The quality of smart devices is determined by their ability to perform Digital Signal Processing (DSP) using mathematics, algorithms, and techniques to manipulate signals [
5,
6]. Lets suppose that a it is intended to monitor the energy quality of our system, here there are several elements that are part in the monitoring and measurement process; however, definitively one of the most important is the device that is in charge of detecting the failures of the electrical network. This multifunctional element is available to record real-time events that will be used for future analysis, it also can classify the elements according to their characteristics. In the first case, if a false alarm occurs in the presence of a minor event, this could lead that irrelevant information could saturate the memory space. On the other hand, if the device is not precise enough, an important event could not be detected and the information would simply be lost.

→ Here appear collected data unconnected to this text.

Lemma proportional3_sym v w : proportional3 v w -> proportional3 w v.
Proof.
move=> [k [k_neq0 ->]]; exists k^-1; split; first by rewrite invr_eq0.
by rewrite !mulrA mulVf // !mul1r; case: w => [[]].
Qed.

Lemma proportional3_trans u v w :
  proportional3 u v -> proportional3 v w -> proportional3 u w.
Proof.
move=> [k [k_neq0 ->]] [k' [k'_neq0 ->]]; exists (k * k').
by rewrite mulf_neq0 //= !mulrA.
Qed.

Lemma mult_at_proportional L v w : proportional3 v w -> mult_at L v = mult_at L w.
Proof.
move=> [k [k_neq0 ->]]; apply: eq_count => l /=.
rewrite (_ : dot3 l _ = k * dot3 l w); last by rewrite /dot3 /=; ring.
by rewrite mulf_eq0 (negbTE k_neq0).
Qed.

Lemma cross3_proportional v w : proportional3 v w -> cross3 v w = (0, 0, 0).
Proof. by move=> [k [_ ->]]; rewrite /cross3 /=; congr (_, _, _); ring. Qed.

Lemma proportional3_of_scale (a b : vec3) k :
  nonzero3 b -> b = (k * a.1.1, k * a.1.2, k * a.2) -> proportional3 b a.
Proof.
move=> b_neq0 def_b; exists k; split=> //; apply: contra_notN b_neq0 => /eqP k0.
by rewrite def_b k0 !mul0r.
Qed.

Lemma ratio_of_minor (p q x y : algC) : p != 0 -> p * y = x * q -> y = q / p * x.
Proof. by move=> p_neq0 minor; apply: (mulfI p_neq0); rewrite minor; field. Qed.

Lemma cross3_eq0_proportional a b :
  nonzero3 a -> nonzero3 b -> cross3 a b = (0, 0, 0) -> proportional3 b a.
Proof.
case: a => [[a1 a2] a3]; case: b => [[b1 b2] b3]; rewrite /cross3 /=.
move=> a_neq0 b_neq0 [/subr0_eq m23 /subr0_eq m31 /subr0_eq m12].
have [a1_0|a1_neq0] := eqVneq a1 0.
  have [a2_0|a2_neq0] := eqVneq a2 0.
    have a3_neq0 : a3 != 0 by apply: contra_notN a_neq0 => /eqP a3_0; rewrite a1_0 a2_0 a3_0.
    apply: (proportional3_of_scale (k := b3 / a3)) => //; congr (_, _, _).
    - by apply: ratio_of_minor; rewrite // -m31 a1_0 mul0r.
    - by apply: ratio_of_minor; rewrite // m23 a2_0 mul0r.
    - by rewrite mulfVK.
  apply: (proportional3_of_scale (k := b2 / a2)) => //; congr (_, _, _).
  - by apply: ratio_of_minor; rewrite // -m12 a1_0 mul0r.
  - by rewrite mulfVK.
  - exact: ratio_of_minor.
apply: (proportional3_of_scale (k := b1 / a1)) => //; congr (_, _, _).
- by rewrite mulfVK.
- exact: ratio_of_minor.
- by apply: ratio_of_minor; rewrite // m31.
Qed.

Lemma cross3_cross3 l l' v :
  cross3 (cross3 l l') v =
  (dot3 l v * l'.1.1 - dot3 l' v * l.1.1, dot3 l v * l'.1.2 - dot3 l' v * l.1.2,
   dot3 l v * l'.2 - dot3 l' v * l.2).
Proof.
by case: l l' v => [[? ?] ?] [[? ?] ?] [[? ?] ?]; rewrite /cross3 /dot3 /=; congr (_, _, _); ring.
Qed.

Lemma proportional3P v w :
  nonzero3 v -> nonzero3 w -> reflect (proportional3 v w) (cross3 v w == (0, 0, 0)).
Proof.
move=> v_neq0 w_neq0; apply: (iffP eqP); last exact: cross3_proportional.
by move=> vw0; apply/proportional3_sym/cross3_eq0_proportional.
Qed.

Lemma card_P2_le P n m : card_P2 P n -> card_P2 P m -> (n <= m)%nat.
Proof.
move=> [s [_ s_pts s_distinct _]] [t [size_t t_pts _ t_all]].
pose hit v w := cross3 v w == (0, 0, 0).
pose f i := find (hit (nth (0, 0, 0) s i)) t.
have f_hit i : (i < n)%nat ->
    (f i < m)%nat /\ proportional3 (nth (0, 0, 0) s i) (nth (0, 0, 0) t (f i)).
  move=> lt_in; have [s_i_neq0 P_s_i] := s_pts i lt_in.
  have [j lt_jm s_i_t_j] := t_all _ s_i_neq0 P_s_i.
  have has_hit : has (hit (nth (0, 0, 0) s i)) t.
    apply/hasP; exists (nth (0, 0, 0) t j); first by rewrite mem_nth ?size_t.
    exact/eqP/cross3_proportional.
  have lt_fm : (f i < m)%nat by rewrite -size_t -has_find.
  have [t_f_neq0 _] := t_pts _ lt_fm.
  by split=> //; apply/(proportional3P s_i_neq0 t_f_neq0); exact: (nth_find (0, 0, 0) has_hit).
suff: (size (map f (iota 0 n)) <= size (iota 0 m))%nat.
  by rewrite size_map size_iota (size_iota 0 m).
apply: uniq_leq_size => [|_ /mapP[i + ->]]; last first.
  by rewrite !mem_iota !leq0n !add0n => /f_hit[].
rewrite map_inj_in_uniq ?iota_uniq // => i i'.
rewrite !mem_iota !leq0n !add0n => lt_in lt_i'n f_ii'.
apply/eqP; apply: contraT => /eqP neq_ii'; case: (s_distinct i i' lt_in lt_i'n neq_ii').
have [_ s_i_t] := f_hit i lt_in; have [_ s_i'_t] := f_hit i' lt_i'n.
by apply: proportional3_trans s_i_t _; rewrite f_ii'; exact: proportional3_sym.
Qed.

Lemma card_P2_unique P n m : card_P2 P n -> card_P2 P m -> n = m.
Proof. by move=> Pn Pm; apply/eqP; rewrite eqn_leq !(card_P2_le Pn Pm, card_P2_le Pm Pn). Qed.

Lemma count_ge2_pair (T : eqType) (a : pred T) (s : seq T) : uniq s -> (2 <= count a s)%nat ->
  exists x y, [/\ x \in s, y \in s, x != y, a x & a y].
Proof.
move=> s_uniq count_ge2.
have /hasP[x x_in ax] : has a s by rewrite has_count; lia.
have /hasP[y y_in ay] : has a (rem x s).
  by rewrite has_count; move/permP/(_ a): (perm_to_rem x_in) => /=; rewrite ax; lia.
exists x, y; split=> //; first exact: mem_rem y_in.
by apply: contraTneq y_in => <-; rewrite mem_rem_uniqF.
Qed.
(* Consider any sequences evolved by Algorithm 1, with $\gamma_k,\Gamma_k,\beta_k$ as in the context. For $k\ge0$ and $x\in\mathcal H$ put $\tilde x:=\frac{a_{k+1}}{A_{k+1}}x+\frac{A_k}{A_{k+1}}y^k$, $z^k:=\frac{a_{k+1}}{A_{k+1}}x^k+\frac{A_k}{A_{k+1}}y^k$ and $\Delta_k:=\frac{(1+\mu A_k)A_{k+1}}{2a_{k+1}^2}\|\tilde x-z^k\|^2+\frac{\mu A_k}{2a_{k+1}}\|\tilde x-y^k\|^2$. Then for all $k\ge0$ and $x\in\mathcal H$: (a) $a_{k+1}\gamma_{k+1}(x)+A_k\gamma_{k+1}(y^k)=A_{k+1}\gamma_{k+1}(\tilde x)+\frac{\mu a_{k+1}A_k}{2A_{k+1}}\|x-y^k\|^2$; (b) $A_kh(y^k)+A_{k+1}\Gamma_{k+1}(x)+\frac12\|x-x^0\|^2\ge\beta_k+A_{k+1}[\gamma_{k+1}(\tilde x)+\Delta_k]$; (c) $\Delta_k=\frac{1}{2\lambda_{k+1}}\Big[\|\tilde x-\tilde x^k\|^2+\frac{\mu(1+\mu A_k)\lambda_{k+1}^2A_k}{a_{k+1}A_{k+1}}\|x^k-y^k\|^2\Big]$; (d) $A_kh(y^k)+A_{k+1}\Gamma_{k+1}(x)+\frac12\|x-x^0\|^2\ge\beta_k+A_{k+1}h(y^{k+1})+\frac{1-\sigma^2}{2}\cdot\frac{A_{k+1}}{\lambda_{k+1}}\|y^{k+1}-\tilde x^k\|^2+\frac{\mu(1+\mu A_k)\lambda_{k+1}A_k}{2a_{k+1}}\|x^k-y^k\|^2$.
   Context: Setting: $\mathcal H$ is a finite-dimensional real inner product space with inner product $\langle\cdot,\cdot\rangle$ and norm $\|\cdot\|$. $f,g:\mathcal H\to(-\infty,\infty]$ are proper, closed, convex functions, $h:=f+g$ has nonempty domain, and $g$ is $\mu$-strongly convex for some $\mu>0$, i.e. $g(tx+(1-t)y)\le tg(x)+(1-t)g(y)-\frac{\mu}{2}t(1-t)\|x-y\|^2$ for all $x,y\in\mathcal H$, $t\in[0,1]$. $x^*$ denotes the unique minimizer of $h$. For $\varepsilon\ge 0$, $\partial_\varepsilon f(y):=\{u\in\mathcal H: f(w)\ge f(y)+\langle u,w-y\rangle-\varepsilon\ \forall w\in\mathcal H\}$, and $\partial g:=\partial_0 g$. Algorithm 1: Choose $x^0,y^0\in\mathcal H$ and $\sigma\in[0,1]$, and set $A_0=0$. For $k=0,1,2,\dots$: choose $\lambda_{k+1}>0$, set $a_{k+1}=\frac{(1+2\mu A_k)\lambda_{k+1}+\sqrt{(1+2\mu A_k)^2\lambda_{k+1}^2+4(1+\mu A_k)A_k\lambda_{k+1}}}{2}$ and $\tilde x^k=\frac{a_{k+1}-\mu A_k\lambda_{k+1}}{A_k+a_{k+1}}x^k+\frac{A_k+\mu A_k\lambda_{k+1}}{A_k+a_{k+1}}y^k$; compute $(y^{k+1},v^{k+1},\varepsilon_{k+1})\in\mathcal H\times\mathcal H\times[0,\infty)$ such that $v^{k+1}\in\partial_{\varepsilon_{k+1}}f(y^{k+1})+\partial g(y^{k+1})$ and $\frac{\|\lambda_{k+1}v^{k+1}+y^{k+1}-\tilde x^k\|^2}{1+\lambda_{k+1}\mu}+2\lambda_{k+1}\varepsilon_{k+1}\le\sigma^2\|y^{k+1}-\tilde x^k\|^2$; then set $A_{k+1}=A_k+a_{k+1}$ and $x^{k+1}=\frac{1+\mu A_k}{1+\mu A_{k+1}}x^k+\frac{\mu a_{k+1}}{1+\mu A_{k+1}}y^{k+1}-\frac{a_{k+1}}{1+\mu A_{k+1}}v^{k+1}$. ''Sequences evolved by Algorithm 1'' means any sequences satisfying all these relations for every $k\ge 0$. Auxiliary functions: for $k\ge1$ and $x\in\mathcal H$, $\gamma_k(x):=h(y^k)+\langle v^k,x-y^k\rangle-\varepsilon_k+\frac{\mu}{2}\|x-y^k\|^2$; $\Gamma_0\equiv 0$ and, for $k\ge1$, $\Gamma_k(x):=\sum_{j=1}^k\frac{a_j}{A_k}\gamma_j(x)$ (so $A_k\Gamma_k=\sum_{j=1}^k a_j\gamma_j$). For $k\ge0$, $\beta_k:=\inf_{x\in\mathcal H}\{A_k\Gamma_k(x)+\frac12\|x-x^0\|^2\}$ (so $\beta_0=0$). *)

(* Convention: the Hilbert space H is a finite-
   dimensional vector space V : vectType R over R : realType, equipped with an
   explicit inner product ip (see is_inner_product). *)
From HB Require Import structures.
From mathcomp Require Import all_boot all_order all_algebra.
From mathcomp Require Import all_classical all_reals all_analysis.
Set Implicit Arguments. Unset Strict Implicit. Unset Printing Implicit Defensive.
Import Order.TTheory GRing.Theory Num.Theory.
Import numFieldNormedType.Exports.
Local Open Scope ring_scope.
Local Open Scope classical_set_scope.

Section Defs.
Variables (R : realType) (V : vectType R) (ip : V -> V -> R).

Definition is_inner_product :=
  [/\ forall x y, ip x y = ip y x,
      forall (c : R) x y z, ip (c *: x + y) z = c * ip x z + ip y z &
      forall x, x != 0 -> 0 < ip x x].

Definition nrm (x : V) : R := Num.sqrt (ip x x).

Definition proper_fun (f : V -> \bar R) :=
  (forall x, f x != -oo%E) /\ (exists x, (f x < +oo)%E).

(* closed = lower semicontinuous (sequentially, w.r.t. the norm topology) *)
Definition closed_fun (f : V -> \bar R) :=
  forall (x : V) (u : nat -> V),
    (fun n => nrm (u n - x)) @ \oo --> (0 : R) ->
    (f x <= limn_einf (fun n => f (u n)))%E.

(* modulus-m convexity: m = 0 is convexity, m = mu > 0 is mu-strong convexity *)
Definition convex_mod (m : R) (f : V -> \bar R) :=
  forall (x y : V) (t : R), 0 <= t <= 1 ->
    (f (t *: x + (1 - t) *: y)%R <=
       t%:E * f x + (1 - t)%:E * f y - (m / 2 * t * (1 - t) * nrm (x - y) ^+ 2)%:E)%E.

As a result of these two scenarios, a new theory known as compressed sensing is applied with the aim of reducing information by cutting the number of samples required to reconstruct the original data. Therefore, using the same idea, the proposal is to minimize the amount of data required to rebuild the original signal needed to recognize and classify a fault or non-fault detection of any device [
7].
Recently, particularly high interest has been seen in signal processing, especially how to sample and compress these signals. Because of the desire to process the signal and in particular achieve a higher quality of the acquired signal and obtain a high performance in data compression, some models have been developed that propose that a signal considered dispersed can be efficiently represented or reconstructed from a small set of measurements [
8]. The lower number of the sample frequency of the signal is directly related to the decrease in energy consumption and especially the optimization of computational time to process that signal. It is important to say that, due to the advantages of this methodology, it has a very wide application range, especially in devices that have low resolution or in equipment that requires extremely high sampling frequencies.
There are several techniques that can be used for signal reconstruction, but this article will focus on the most relevant, compressed sensing [
9]. The main aim of this methodology is that any type of signal can be represented approximated by a sparse signal; that is to say, an input signal can be characterized by a linear combination composed of its most significant terms. Thus, it can be said that compressed sensing is a promising technology, which will contribute to the significant development of the way in which signal processing is currently performed, reducing computational costs and thus optimizing the use of other resources such as energy [
10]. Compressed sensing is a versatile tool, which can be applied in several situations. For instance, one case is a small sample set that is a direct consequence of the lack of physical availability. A second case is a study in which the large amount of information collected does not allow the fast processing of such information, and it needs to be reduced to its most significant samples without compromising all the information. In addition, a third case is that the access to the amount of data collected is affected or prohibited by the presence of noise.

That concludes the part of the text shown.